It will be 12 years Saturday since you died. I’m frightened by how quickly the memorials to you are overwhelming the memories with you.
I guess that makes sense – we met when I was 15 years old and struggling to figure out all of the things. I was 37 when you died. That’s 22 years of friendship and then 12 years of mourning. One day, I’ll turn around and realize its been 22 years of mourning and my heart will break again.
I didn’t make it to Dairy Queen this fall to have our traditional Pumpkin Spice Blizzard. I’m going to try to see if the local store is still open tomorrow. You would probably roll your eyes when I say that I’m trying to give up dairy and go with coconut milk options. As I typed that sentence, I imagined your response and now I’m crying/smiling.
I haven’t forgotten you, John.
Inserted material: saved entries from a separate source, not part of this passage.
Lemma gen_mem_refl {U V : C} (q : Hom U V) : gen_mem C q q.
Proof. by exists (idm U); rewrite comp_id_r. Qed.

Lemma gen_mem_comp {W W' U V : C} (t : Hom W V) (u : Hom W' W) (q : Hom U V) :
  gen_mem C t q -> gen_mem C (comp t u) q.
Proof. by case=> k <-; exists (comp k u); rewrite comp_assoc. Qed.

Lemma gen_mem_trans {W U U' V : C} (t : Hom W V) (q : Hom U V) (q' : Hom U' V) :
  gen_mem C t q -> gen_mem C q q' -> gen_mem C t q'.
Proof. by case=> k <- Hq; apply: gen_mem_comp. Qed.

Lemma mono_of_kernel_pair_eq {K I B : C} (m : Hom I B) (u : Hom K I) :
  is_kernel_pair C m u u -> mono C m.
Proof.
move=> [_ Hkp] X a b Hab.
by have [k [[<- <-] _]] := Hkp X a b Hab.
Qed.

Lemma bp_pair_comp {A B W V : C} (Q : BinProd C A B) (a : Hom W A) (b : Hom W B)
    (k : Hom V W) :
  comp (bp_pair C _ _ Q W a b) k = bp_pair C _ _ Q V (comp a k) (comp b k).
Proof. by apply: bp_uniq; rewrite comp_assoc ?bp_beta1 ?bp_beta2. Qed.

Definition represents {U V : C} (q : Hom U V) (Pr : forall W : C, Hom W V -> Prop) :=
  mono C q /\ forall W (t : Hom W V), gen_mem C t q <-> Pr W t.

Section FiniteLimits.
Hypothesis HL : has_finite_limits C.

Lemma pullback_exists (A B D : C) (f : Hom A D) (g : Hom B D) :
  exists P (p : Hom P A) (q : Hom P B), is_pullback C f g p q.
Proof.
have [_ [Hprod Heq]] := HL.
case: (Hprod A B) => Q.
have [E [e [He Heq_univ]]] := Heq _ _ (comp f (bp_p1 C _ _ Q)) (comp g (bp_p2 C _ _ Q)).
exists E, (comp (bp_p1 C _ _ Q) e), (comp (bp_p2 C _ _ Q) e); split.
  by rewrite !comp_assoc.
move=> X x y Hxy.
have [k [Hk Huniq]] := Heq_univ X (bp_pair C _ _ Q X x y)
  ltac:(by rewrite -!comp_assoc bp_beta1 bp_beta2).
exists k; split.
  by rewrite -!comp_assoc Hk bp_beta1 bp_beta2.
by move=> k' H1 H2; apply: Huniq; apply: bp_uniq; rewrite comp_assoc.
Qed.
Lemma uf_const (P : Prop) : U (fun _ => P) <-> P.
Proof.
  split.
  - intros H. apply NNPP; intros HP. apply (uf_not_empty _ HU). apply (uf_sub _ HU (fun _ => P)); auto.
  - intros HP. apply uf_all; auto.
Qed.

Lemma uf_impl (A B : I -> Prop) : U (fun i => A i -> B i) <-> (U A -> U B).
Proof.
  split.
  - intros H HA. apply (uf_sub _ HU (fun i => (A i -> B i) /\ A i)); [intros i [h1 h2]; auto|].
    apply uf_meet; auto.
  - intros H. destruct (uf_or_compl _ HU A) as [HA|HA].
    + apply (uf_sub _ HU B); auto.
    + apply (uf_sub _ HU (fun i => ~ A i)); auto. intros i h1 h2; contradiction.
Qed.

Lemma uf_mp (A B : I -> Prop) : U (fun i => A i -> B i) -> U A -> U B.
Proof. intros H. apply uf_impl, H. Qed.

Lemma uf_forall_fin : forall n (P : Fin.t n -> I -> Prop),
  (forall j, U (P j)) -> U (fun i => forall j, P j i).
Proof.
  induction n; intros P H.
  - apply uf_all. intros i j; inversion j.
  - specialize (IHn (fun j => P (Fin.FS j)) (fun j => H (Fin.FS j))).
    apply (uf_sub _ HU (fun i => P Fin.F1 i /\ forall j, P (Fin.FS j) i)); [|apply uf_meet; auto].
    intros i [H1 H2] j. clear IHn. revert P H H1 H2. pattern j. apply Fin.caseS'; auto.
Qed.

Lemma uf_forall_in {X : Type} (l : list X) (P : X -> I -> Prop) :
  (forall x, In x l -> U (P x)) -> U (fun i => forall x, In x l -> P x i).
Proof.
  induction l as [|a l IH]; intros H.
  - apply uf_all. intros i x [].
  - apply (uf_sub _ HU (fun i => P a i /\ forall x, In x l -> P x i)).
    + intros i [h1 h2] x [<-|hx]; auto.
    + apply uf_meet; auto. apply H; left; auto. apply IH; intros; apply H; right; auto.
Qed.

Lemma uf_forall_lt n (P : nat -> I -> Prop) :
  (forall i, i < n -> U (P i)) -> U (fun Φ => forall i, i < n -> P i Φ).
Proof.
  intros H. eapply (uf_sub _ HU); [|apply (uf_forall_in (seq 0 n) P)].
  - intros Φ HΦ i Hi. apply HΦ. apply in_seq. lia.
  - intros i Hi. apply in_seq in Hi. apply H. lia.
Qed.

Lemma uf_iff_on (X P : I -> Prop) (p : Prop) :
  U X -> (forall i, X i -> (P i <-> p)) -> (U P <-> p).
Proof.
  intros HX H. rewrite <- (uf_const p).
  split; intros HP; (eapply (uf_sub _ HU); [|exact (uf_meet _ HU _ _ HX HP)]);
    intros i [h1 h2]; apply (H i h1); auto.
Qed.

Lemma uf_iff (P P' : I -> Prop) : U (fun i => P i <-> P' i) -> (U P <-> U P').
Proof.
  intros H. split; apply uf_mp; (eapply (uf_sub _ HU); [|exact H]); intros i h; apply h.
Qed.

End UltrafilterFacts.

Lemma choice_fun {I A : Type} (d : A) (P : I -> A -> Prop) :
  exists g : I -> A, forall i, (exists a, P i a) -> P i (g i).
Proof.
  exists (fun i => match excluded_middle_informative (exists a, P i a) with
           | left h => proj1_sig (constructive_indefinite_description _ h)
           | right _ => d end).
  intros i Hi. destruct (excluded_middle_informative _) as [h|h]; [|contradiction].
  apply (proj2_sig (constructive_indefinite_description _ h)).
Qed.

(* The universe annotation keeps the carriers small enough to be carriers of structures. *)
Section Quotient.
Context {X : Type@{structure.u0}} (R : X -> X -> Prop) (Rrefl : forall x, R x x)
  (Rsym : forall x y, R x y -> R y x) (Rtrans : forall x y z, R x y -> R y z -> R x z).

Definition canon (x : X) : X :=
  proj1_sig (constructive_indefinite_description (R x) (ex_intro _ x (Rrefl x))).

Lemma canon_R x : R x (canon x).
Proof. unfold canon. apply proj2_sig. Qed.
You come to mind all of the time, not just remembrances but in moments when I think “What would John say?” about things you’ve never experienced – Instagram, Burmese food, and most of my blog. Did you ever read my blog – it was just 2 years old and you definitely hated politics. But you would have loved my getting a GLAAD award. I think. I hope?
I hate that you weren’t on Facebook long enough to leave trail of “Memories” on that social platform. What happened to your Facebook account? OMG, you would be a legend on that site – all of your dog lady friends.
I hate those final moments in the funeral home. That wasn’t you. When they creep unbidden into my mind, I think with fierce intensity about my final moments with your dogs. Never have I wished more for the ability to communicate with animals than that night when I couldn’t explain to them what had happened to you. They’ve joined you by now. I hope that helps all of you.
I hate these final moments in this post and each post I write to you. You aren’t reading them. It is just my own struggle to find peace with your death. And how could I? 12 years doesn’t make me less angry at the injustice of it all. I’m furious, John. This was our song in that quirky high school platonic bff relationship way. Right now, I feel like you have jumped off the stage and danced away from me and I try to believe you’ll turn around and dance your way back. Because I know that no one will ever love me like you did, my friend.
But that’s for me to figure out. I hope you are no longer hurting or sad or alone. I hope you’ve found peace and light and joy.
I think I might be closer than either of us ever hoped we’d get to that in our time on earth. And I really do owe that to you.